Bitcoin (BTC) fails to stay above $20K – can stablecoin inflow help?

bitcoin btc stablecoin USDT BUSD USDC

YEREVAN (CoinChapter.com) – Bitcoin (BTC) struggled with a lack of bullish momentum and failed to conquer the $20,000 support. As a result, the flagship crypto declined 6% in the previous five days and traded at $19,300 on Oct 10.

Can USDC pump BTC?

While the bullish break is nowhere in sight, Ki Young Ju, the chief executive of crypto analytical platform CryptoQuant, pointed out the importance of stablecoins in the possible BTC recovery. Moreover, the expert singled out the USD coin (USDC) as the most influential of the pack.

The next Bitcoin parabolic bull run might begin when massive USDC flows into exchanges. For now, 94% of the USDC supply is outside exchanges, some of which are owned by TradFis like BlackRock, Fidelity, Goldman Sachs, etc. They’ll move when they get orders from their clients

commented Young Ju.
USDC exchange inflow declining. Source: CryptoQuant
USDC exchange inflow declining.

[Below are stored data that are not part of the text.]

Fixpoint greedy (k m : nat) (p : nat -> R) (t : nat) : nat -> nat :=
  match t with
  | O => fun i => i
  | S t' => if Nat.ltb t' m then greedy k m p t'
            else fun i => if Nat.eqb i t'
                          then argmin_from (pushforward t' (greedy k m p t') p) k (m - k - 1)
                          else greedy k m p t' i
  end.

Lemma greedy_stable k m p t d i : (i < t)%nat -> greedy k m p (t + d) i = greedy k m p t i.
Proof.
  induction d; intros; [rewrite Nat.add_0_r; auto|].
  rewrite Nat.add_succ_r. simpl. destruct (Nat.ltb (t + d) m); auto.
  destruct (Nat.eqb_spec i (t + d)); [lia | auto].
Qed.

Lemma greedy_small k m p t i : (i < m)%nat -> greedy k m p t i = i.
Proof.
  induction t; intros; simpl; auto. destruct (Nat.ltb_spec t m); auto.
  destruct (Nat.eqb_spec i t); [lia | auto].
Qed.

Lemma greedy_big k m p n i : (m <= i < n)%nat ->
  greedy k m p n i = argmin_from (pushforward i (greedy k m p n) p) k (m - k - 1).
Proof.
  intros Hi.
  replace (greedy k m p n i) with (greedy k m p (S i) i)
    by (replace n with (S i + (n - S i))%nat at 1 by lia; symmetry; apply greedy_stable; lia).
  cbn [greedy]. destruct (Nat.ltb_spec i m); [lia|]. rewrite Nat.eqb_refl.
  apply argmin_from_ext. intros j. apply rsum_ext. intros j' Hj.
  replace n with (i + (n - i))%nat by lia. rewrite greedy_stable by lia. auto.
Qed.

Lemma greedy_range k m p n i : (k < m)%nat -> (m <= i < n)%nat -> (k <= greedy k m p n i < m)%nat.
Proof.
  intros. rewrite greedy_big by lia.
  pose proof (argmin_from_range (pushforward i (greedy k m p n) p) k (m - k - 1)). lia.
Qed.

Lemma greedy_surj k m p n : (k < m)%nat -> (m <= n)%nat -> surj_onto n m (greedy k m p n).
Proof.
  intros Hkm Hmn. split.
  - intros i Hi. destruct (Nat.lt_ge_cases i m).
    + rewrite greedy_small; auto.
    + pose proof (greedy_range k m p n i Hkm ltac:(lia)); lia.
  - intros j Hj. exists j. split; [lia | apply greedy_small; auto].
Qed.

Lemma pushforward_greedy_fixed k m p n j : (k < m)%nat -> (m <= n)%nat -> (j < k)%nat ->
  pushforward n (greedy k m p n) p j = p j.
Proof.
  intros Hkm Hmn Hj. unfold pushforward.
  rewrite (rsum_ext n _ (fun i => if Nat.eqb i j then p i else 0)), rsum_dirac.
  - destruct (Nat.ltb_spec j n); [reflexivity | lia].
  - intros i Hi. destruct (Nat.lt_ge_cases i m).
    + rewrite greedy_small; auto.
    + pose proof (greedy_range k m p n i Hkm ltac:(lia)).
      destruct (Nat.eqb_spec (greedy k m p n i) j), (Nat.eqb_spec i j); lia || reflexivity.
Qed.

(* Greedy balancing: once a label has received an atom beyond its own, it is at most
   twice as heavy as any other label, because it was the lightest when it received the
   (smallest so far) atom. *)
Lemma greedy_balanced n m p k : (k < m)%nat -> (m <= n)%nat ->
  (forall i, (i < n)%nat -> 0 <= p i) -> (forall i, (S i < n)%nat -> p (S i) <= p i) ->
  forall t, (m <= t <= n)%nat -> forall j, (k <= j < m)%nat ->
  let L := pushforward t (greedy k m p n) p in
  L j = p j \/ forall j', (k <= j' < m)%nat -> L j <= 2 * L j'.
Proof.
  intros Hkm Hmn Hp Hs t. set (F := greedy k m p n).
  induction t as [|t IH]; intros Ht j Hj L; [lia|].
  destruct (Nat.eq_dec (S t) m) as [Em|Em].
  - left. unfold L, pushforward. rewrite Em.
    rewrite (rsum_ext m _ (fun i => if Nat.eqb i j then p i else 0)), rsum_dirac.
    + destruct (Nat.ltb_spec j m); [reflexivity | lia].
    + intros i Hi. unfold F. rewrite greedy_small; auto.
  - set (js := F t).
    assert (Hjs : (k <= js < m)%nat) by (apply greedy_range; lia).
    assert (Hmin : forall j', (k <= j' < m)%nat -> pushforward t F p js <= pushforward t F p j').
    { intros j' Hj'. unfold js, F. rewrite greedy_big by lia. apply argmin_from_le. lia. }
    assert (Hpt : p t <= pushforward t F p js).
    { pose proof (nonincreasing_le n p Hs js t ltac:(lia) ltac:(lia)).
      pose proof (pushforward_ge t F p js ltac:(intros; apply Hp; lia) ltac:(lia)).
      unfold F in *. rewrite greedy_small in * by lia. lra. }
    assert (Hmono : forall j', pushforward t F p j' <= L j').
    { intros j'. unfold L. rewrite pushforward_S. pose proof (Hp t ltac:(lia)).
      destruct (Nat.eqb (F t) j'); lra. }
    unfold L. rewrite pushforward_S. fold F. fold js.
    destruct (Nat.eqb_spec js j) as [<-|Ej].
    + right. intros j' Hj'. pose proof (Hmin j' Hj'). pose proof (Hmono j'). unfold L in *. lra.
    + rewrite Rplus_0_r. destruct (IH ltac:(lia) j Hj) as [Hl | Hr]; [left; auto | right].
      intros j' Hj'. pose proof (Hr j' Hj'). pose proof (Hmono j'). unfold L in *. lra.
Qed.

Lemma greedy_window n m p k c : (k < m)%nat -> (m <= n)%nat ->
  (forall i, (i < n)%nat -> 0 <= p i) -> (forall i, (S i < n)%nat -> p (S i) <= p i) ->
  (forall i, (k <= i < n)%nat -> p i < c) ->
  rsum (m - k) (fun d => pushforward n (greedy k m p n) p (k + d)%nat) = INR (m - k) * c ->
  exists a, 0 < a /\ forall d, (d < m - k)%nat ->
    a <= pushforward n (greedy k m p n) p (k + d)%nat <= 2 * a.
Proof.
  intros Hkm Hmn Hp Hs Hlow Hsum. set (q := pushforward n (greedy k m p n) p) in *.
  assert (Hbal : forall j, (k <= j < m)%nat -> q j = p j \/ forall j', (k <= j' < m)%nat -> q j <= 2 * q j')
    by (intros; apply greedy_balanced; auto; lia).
  destruct (rsum_ge_exists (m - k) (fun d => q (k + d)%nat) c ltac:(lia) ltac:(lra)) as [dm [Hdm Hcq]].
  set (j0 := argmin_from q k (m - k - 1)).
  assert (Hj0 : (k <= j0 < m)%nat) by (unfold j0; pose proof (argmin_from_range q k (m - k - 1)); lia).
  assert (Hmin : forall j, (k <= j < m)%nat -> q j0 <= q j) by (intros; apply argmin_from_le; lia).
  assert (Hup : forall j, (k <= j < m)%nat -> p j < c -> q j <= 2 * q j0).
  { intros j Hj Hpj. destruct (Hbal j Hj) as [-> | H]; [|apply H; auto].
    destruct (Hbal (k + dm)%nat ltac:(lia)) as [E | H].
    - pose proof (Hlow (k + dm)%nat ltac:(lia)). lra.
    - pose proof (H j0 Hj0). lra. }
  assert (Hc : 0 < c) by (pose proof (Hlow k ltac:(lia)); pose proof (Hp k ltac:(lia)); lra).
  exists (q j0). split.
  - pose proof (Hup (k + dm)%nat ltac:(lia) (Hlow (k + dm)%nat ltac:(lia))). lra.
  - intros d Hd. split; [apply Hmin; lia|]. apply Hup; [lia | apply Hlow; lia].
Qed.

Source: CryptoQuant on Twitter.com

The aforementioned assessment is based on the fact that USDC is largely ‘entangled’ with mainstream financial giants. However, crypto-native stablecoins such as Tether USD (USDT) and Binance USD (BUSD) can make a change as well.

Bitcoin and crypto-native stablecoins

Stablecoins could be considered a middle ground between cryptocurrencies and the fiat economy. They tend to speed up trades on exchanges by ‘impersonating’ a fiat currency and its value. Thus, stablecoins keep traders inside the crypto market, eliminating the necessity of turning to actual dollars or another fiat.

Meanwhile, companies that issue stablecoins promise to back their value by storing currencies in their reserves. So, when traders deposit stablecoins on exchanges, it represents their likelihood of spending the tokens for cryptocurrencies.

According to CryptoQuant, USDT, and BUSD, the third and seventh cryptos by market cap, experienced substantial inflows, boosting morale among Bitcoin bulls.

USDT and BUSD inflows into exchanges. Source: CryptoQuant on Twitter.com
USDT and BUSD inflows into exchanges. Source: CryptoQuant on Twitter.com

BTC exhibits bearish technicals

Meanwhile, the charts remain indecisive. BTC/USD exchange rate was likely to drop back to approximately $18,500, given the declining trading volumes. In short, dropping trading volumes indicate growing indifference among potential investors.

Bitcoin (BTC) in a descending triangle. Source: TradingView.com
Bitcoin (BTC) in a descending triangle. Source: TradingView.com

Also, the price action formed a ‘descending triangle’ setup and could confirm it in the upcoming sessions. The pattern features a descending resistance and flat support. If the triangle plays out, STC/USD could drop an additional 60%, equivalent to the drop preceding the triangle. Thus, the possible confirmation would pin the target price at $7,300, the lowest value since 2018.

Also read: Bitcoin’s ‘digital gold’ narrative is back? Strengthened correlation says yes.

Additionally, the geopolitical situation across the globe and the bearish macroeconomic environment testify to the bearish prognosis, at least in the short term. The upcoming quarter will tell if stablecoin inflow would be enough to pump Bitcoin into a new bull run.